[Dataset entries]
From mathcomp Require Import ssreflect ssrfun ssrbool eqtype ssrnat seq.
From mathcomp Require Import ssralg ssrnum ssrint.

Set Implicit Arguments.
Unset Strict Implicit.
Unset Printing Implicit Defensive.

(* The word C(B(x,C(y,z)),D(y,z)) is the image of C(B(x,C),D) under the
   substitution s2 = (x, C, D |-> x, C(y,z), D(y,z)), and free reduction
   commutes with substitution, so it reduces like the image of
   W0 x^n1 W1 ... x^nk Wk.  Since s2 fixes x and sends the blocks W_i to
   x-free words, the word red(W0) x^n1 red(W1) ... red(Wk) is already reduced
   as soon as no x-powers meet, i.e. as soon as red(W_i) is nonempty for
   0 < i < k; this holds because kappa is injective. *)

Definition push (l : letter) (r : word) : word :=
  if r is l' :: r' then if l' == inv_letter l then r' else l :: r else [:: l].

Lemma redE l w : red (l :: w) = push l (red w).
Proof. by rewrite /=; case: (red w). Qed.

Lemma inv_letterK : involutive inv_letter.
Proof. by case=> i b; rewrite /inv_letter /= negbK. Qed.

Lemma reduced_behead l w : reduced (l :: w) -> reduced w.
Proof. by case: w => // ? ? /andP[]. Qed.

Lemma reduced_push l r : reduced r -> reduced (push l r).
Proof.
case: r => [|l' r] //= Hr; case: ifP => [_|E]; first exact: reduced_behead Hr.
by rewrite /= E Hr.
Qed.

Lemma reduced_red w : reduced (red w).
Proof. by elim: w => // l w IH; rewrite redE reduced_push. Qed.

Lemma red_reduced w : reduced w -> red w = w.
Proof.
elim: w => // l w IH Hw; rewrite redE IH; last exact: reduced_behead Hw.
by case: w Hw {IH} => //= l' w /andP[/negbTE->].
Qed.

Lemma redK w : red (red w) = red w.
Proof. exact/red_reduced/reduced_red. Qed.

Lemma pushK l r : reduced r -> push l (push (inv_letter l) r) = r.
Proof.
case: r => [|l' r] /=; first by rewrite eqxx.
case: ifP => [/eqP->|_] Hr /=; last by rewrite eqxx.
rewrite !inv_letterK in Hr *.
by case: r Hr => //= l'' r /andP[/negbTE->].
Qed.

Lemma red_push_cat l r v : red (push l r ++ v) = push l (red (r ++ v)).
Proof.
case: r => [|l' r]; first exact: redE.
rewrite {1}/push; case: ifP => [/eqP->|_]; last exact: redE.
by rewrite cat_cons redE pushK ?reduced_red.
Qed.

Lemma red_catl u v : red (u ++ v) = red (red u ++ v).
Proof. by elim: u => // l u IH; rewrite cat_cons !redE IH -red_push_cat. Qed.

Lemma red_catr u v : red (u ++ v) = red (u ++ red v).
Proof. by elim: u => [|l u IH]; rewrite ?redK // !cat_cons !redE IH. Qed.

Lemma red_cat_congr u u' v v' :
  red u = red u' -> red v = red v' -> red (u ++ v) = red (u' ++ v').
Proof. by move=> Eu Ev; rewrite red_catl Eu -red_catl red_catr Ev -red_catr. Qed.

Lemma red_subset w : {subset red w <= w}.
Proof.
elim: w => // l w IH x; rewrite redE in_cons.
case E: (red w) => [|l' r] /=; first by rewrite mem_seq1 => ->.
case: ifP => _ Hx.
  by rewrite IH ?orbT // E in_cons Hx orbT.
by move: Hx; rewrite in_cons -E => /orP[->|/IH->]; rewrite ?orbT.
Qed.

Lemma all_red (P : pred letter) w : all P w -> all P (red w).
Proof. by move=> /allP Hw; apply/allP => x /red_subset /Hw. Qed.

Lemma winv_cat u v : winv (u ++ v) = winv v ++ winv u.
Proof. by rewrite /winv map_cat rev_cat. Qed.

Lemma winv_cons l w : winv (l :: w) = winv w ++ [:: inv_letter l].
Proof. by rewrite -cat1s winv_cat. Qed.

Lemma winvK : involutive winv.
Proof.
move=> w; rewrite /winv map_rev revK -map_comp map_id_in // => l _ /=.
exact: inv_letterK.
Qed.

Lemma red_cancel u : red (u ++ winv u) = [::].
Proof.
elim: u => // l u IH.
by rewrite winv_cons catA cat_cons redE red_catl IH /= eqxx.
Qed.

Lemma red_cat_cancel u v : red (u ++ winv u ++ v) = red v.
Proof. by rewrite catA red_catl red_cancel. Qed.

**What you need to do:** Identify each line in the records above containing the word "image"; copy those lines.

**The answer:**
(* The word C(B(x,C(y,z)),D(y,z)) is the image of C(B(x,C),D) under the
   commutes with substitution, so it reduces like the image of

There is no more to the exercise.